(Beginning of DATA FOR ANALYSIS)
(* Let $n=4$ and let $PV_1,\dots,PV_4$ be independent random variables with distributions $P_1=0.05\,\delta_{0.05}+0.95\,\delta_{1}$, $P_2=0.025\,\delta_{0.10}+0.975\,\delta_{1}$, $P_3=0.025\,\delta_{0.15}+0.975\,\delta_{1}$, $P_4=\delta_1$, where all four null hypotheses are true and each $F_i$ is the distribution function of $P_i$. Let $G=F_1+F_2+F_3+F_4$. Consider the DBH procedure at level $\alpha=0.05$: with ordered observed $p$-values $pv_{(1)}\le\cdots\le pv_{(4)}$, define adjusted $p$-values $\widetilde{pv}_{(4)}=pv_{(4)}$ and $\widetilde{pv}_{(i)}=\min\{\widetilde{pv}_{(i+1)},G(pv_{(i)})/i\}$ for $i=3,2,1$, and reject exactly those hypotheses whose adjusted $p$-value is $\le 0.05$. Then the probability of at least one rejection (which equals the FDR, since all nulls are true) is exactly $0.05059375>0.05$. In particular, the DBH procedure does not control the FDR at level $\alpha$ in general, even under independence.
   Context: $\delta_x$ denotes the Dirac (point mass) measure at $x$. The FDR is $E[V/\max(R,1)]$ where $R$ is the number of rejections and $V$ the number of rejected true null hypotheses; when all nulls are true it equals $P(R\ge1)$. *)

From HB Require Import structures.
From mathcomp Require Import all_boot all_order all_algebra.
Set Implicit Arguments. Unset Strict Implicit. Unset Printing Implicit Defensive.
Import Order.TTheory GRing.Theory Num.Theory.
Local Open Scope ring_scope.

(* A finitely supported distribution on Q: a list of (atom, mass) pairs,
   i.e. sum_k mass_k * delta_{atom_k}. *)
Definition dist := seq (rat * rat).

Definition cdf (P : dist) (t : rat) : rat := \sum_(a <- P | a.1 <= t) a.2.

(* Joint law of independent random variables with laws Ps (product measure):
   list of (outcome vector, probability). *)
Fixpoint joint (Ps : seq dist) : seq (seq rat * rat) :=
  match Ps with
  | [::] => [:: ([::], 1)]
  | P :: Ps' => [seq (a.1 :: v.1, a.2 * v.2) | a <- P, v <- joint Ps']
  end.

Definition expect (Ps : seq dist) (f : seq rat -> rat) : rat :=
  \sum_(o <- joint Ps) o.2 * f o.1.

Definition prob (Ps : seq dist) (E : seq rat -> bool) : rat :=
  \sum_(o <- joint Ps | E o.1) o.2.

(* DBH adjusted p-values on the sorted list s = [pv_(1); ...; pv_(n)]
   (1-based ranks, pv_(i) = nth 0 s i.-1).
   tilde G s m = adjusted p-value of rank n - m, computed by
   tilde_(n) = pv_(n),  tilde_(i) = min(tilde_(i+1), G(pv_(i))/i). *)
Fixpoint tilde (G : rat -> rat) (s : seq rat) (m : nat) : rat :=
  match m with
  | 0%N => nth 0 s (size s).-1
  | m'.+1 =>
      let i := (size s - m'.+1)%N in
      Num.min (tilde G s m') (G (nth 0 s i.-1) / i%:R)
  end.

Definition adjusted (G : rat -> rat) (s : seq rat) (i : nat) : rat :=
  tilde G s (size s - i)%N.

Definition DBH_R (G : rat -> rat) (alpha : rat) (pv : seq rat) : nat :=
  let s := sort <=%R pv in
  count (fun i => adjusted G s i <= alpha) (iota 1 (size s)).

Definition Gsum (Ps : seq dist) (t : rat) : rat := \sum_(P <- Ps) cdf P t.

(* FDR when all null hypotheses are true: V = R, FDR = E[V / max(R,1)]. *)
Definition FDR_all_null (Ps : seq dist) (R : seq rat -> nat) : rat :=
  expect Ps (fun pv => (R pv)%:R / (maxn (R pv) 1)%:R).

Definition P1 : dist := [:: (1/20, 1/20); (1, 19/20)].
Definition P2 : dist := [:: (1/10, 1/40); (1, 39/40)].
Definition P3 : dist := [:: (3/20, 1/40); (1, 39/40)].
Definition P4 : dist := [:: (1, 1)].
Definition Ps_ex : seq dist := [:: P1; P2; P3; P4].

(** All nulls are true, so the FDR is the probability of at least one
    rejection. On the atoms [0.05], [0.10], [0.15] the function [G] takes the
    values [0.05], [0.075], [0.1]. Hence DBH rejects iff [PV_1 = 0.05] (then
    [G(pv_(1))/1 = 0.05]) or [PV_2 = 0.10] and [PV_3 = 0.15] (then
    [G(pv_(2))/2 = 0.05]); [PV_2 = 0.10] alone gives [G(pv_(1)) = 0.075].
    This event has probability [1/20 + 19/20 * (1/40)^2 = 0.05059375]. *)
From HB Require Import structures.
From mathcomp Require Import all_boot all_order all_algebra.
From mathcomp Require Import lra.
Import Order.TTheory GRing.Theory Num.Theory.
Local Open Scope ring_scope.

Lemma FDR_all_null_prob (Ps : seq dist) (R : seq rat -> nat) :
  FDR_all_null Ps R = prob Ps (fun pv => (1 <= R pv)%N).
Proof.
rewrite /FDR_all_null /expect /prob [RHS]big_mkcond /=.
apply: eq_bigr => o _; case: (R o.1) => [|n] /=; first by rewrite mul0r mulr0.
by rewrite (maxn_idPl (ltn0Sn n)) divff ?mulr1 // pnatr_eq0.
Qed.

Lemma eq_prob {Ps : seq dist} {E1 E2 : seq rat -> bool} :
  {in joint Ps, forall o, E1 o.1 = E2 o.1} -> prob Ps E1 = prob Ps E2.
Proof.
move=> eqE; rewrite /prob big_seq_cond [RHS]big_seq_cond.
by apply: eq_bigl => o; case: (boolP (o \in joint Ps)) => // /eqE ->.
Qed.

Lemma tilde_ext {G1 G2 : rat -> rat} :
  G1 =1 G2 -> forall s m, tilde G1 s m = tilde G2 s m.
Proof. by move=> eqG s; elim=> //= m ->; rewrite eqG. Qed.

Lemma DBH_R_ext {G1 G2 : rat -> rat} (alpha : rat) :
  G1 =1 G2 -> DBH_R G1 alpha =1 DBH_R G2 alpha.
Proof.
move=> eqG pv; rewrite /DBH_R /adjusted.
by apply: eq_count => i; rewrite (tilde_ext eqG).
Qed.

Definition G_ex (t : rat) : rat :=
  (if 1/20 <= t then 1/20 else 0) + (if 1/10 <= t then 1/40 else 0)
  + (if 3/20 <= t then 1/40 else 0) + (if 1 <= t then 39/10 else 0).

Lemma Gsum_exE : Gsum Ps_ex =1 G_ex.
Proof.
move=> t; rewrite /Gsum /cdf /G_ex !big_cons !big_nil /= !addr0.
by case: (1/20 <= t); case: (1/10 <= t); case: (3/20 <= t); case: (1 <= t); lra.
Qed.

Definition DBH_rejects_ex (pv : seq rat) : bool :=
  (pv`_0 == 1/20) || (pv`_1 == 1/10) && (pv`_2 == 3/20).

Lemma DBH_rejects_exE :
  {in joint Ps_ex, forall o,
    (1 <= DBH_R (Gsum Ps_ex) (1/20) o.1)%N = DBH_rejects_ex o.1}.
Proof.
have /allP rejects : all [pred o : seq rat * rat |
    (1 <= DBH_R G_ex (1/20) o.1)%N == DBH_rejects_ex o.1] (joint Ps_ex).
  by vm_compute.
by move=> o /rejects /eqP <-; rewrite (DBH_R_ext _ Gsum_exE).
Qed.

Lemma prob_DBH_rejects_ex :
  prob Ps_ex DBH_rejects_ex = 1/20 + 19/20 * (1/40 * 1/40).
Proof.
have masses : [seq o.2 | o <- joint Ps_ex & DBH_rejects_ex o.1] =
  [:: 1/20 * (1/40 * (1/40 * (1 * 1))); 1/20 * (1/40 * (39/40 * (1 * 1)));
      1/20 * (39/40 * (1/40 * (1 * 1))); 1/20 * (39/40 * (39/40 * (1 * 1)));
      19/20 * (1/40 * (1/40 * (1 * 1)))].
  by apply/eqP; vm_compute.
rewrite /prob -big_filter -(big_map snd xpredT id) masses !big_cons big_nil /=.
lra.
Qed.

Theorem mainTheorem3 :
  let R := DBH_R (Gsum Ps_ex) (1/20) in
  prob Ps_ex (fun pv => (1 <= R pv)%N) = 1619 / (32 * 1000) /\
  FDR_all_null Ps_ex R = 1619 / (32 * 1000) /\
  1/20 < FDR_all_null Ps_ex R.
Proof.
move=> R.
have probR : prob Ps_ex (fun pv => (1 <= R pv)%N) = 1619 / (32 * 1000).
  by rewrite (eq_prob DBH_rejects_exE) prob_DBH_rejects_ex; lra.
have FDR_R : FDR_all_null Ps_ex R = 1619 / (32 * 1000).
  by rewrite FDR_all_null_prob.
split; [exact: probR | split; [exact: FDR_R | rewrite FDR_R; lra]].
Qed.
(End of DATA FOR ANALYSIS)
Here the output must be the lines above from the line with "tilde G s (size s - i)%N." to the line with "count (fun i", both included, duplicated word for word and nothing else.

SOLUTION TO THIS TASK:
  tilde G s (size s - i)%N.

Definition DBH_R (G : rat -> rat) (alpha : rat) (pv : seq rat) : nat :=
  let s := sort <=%R pv in
  count (fun i => adjusted G s i <= alpha) (iota 1 (size s)).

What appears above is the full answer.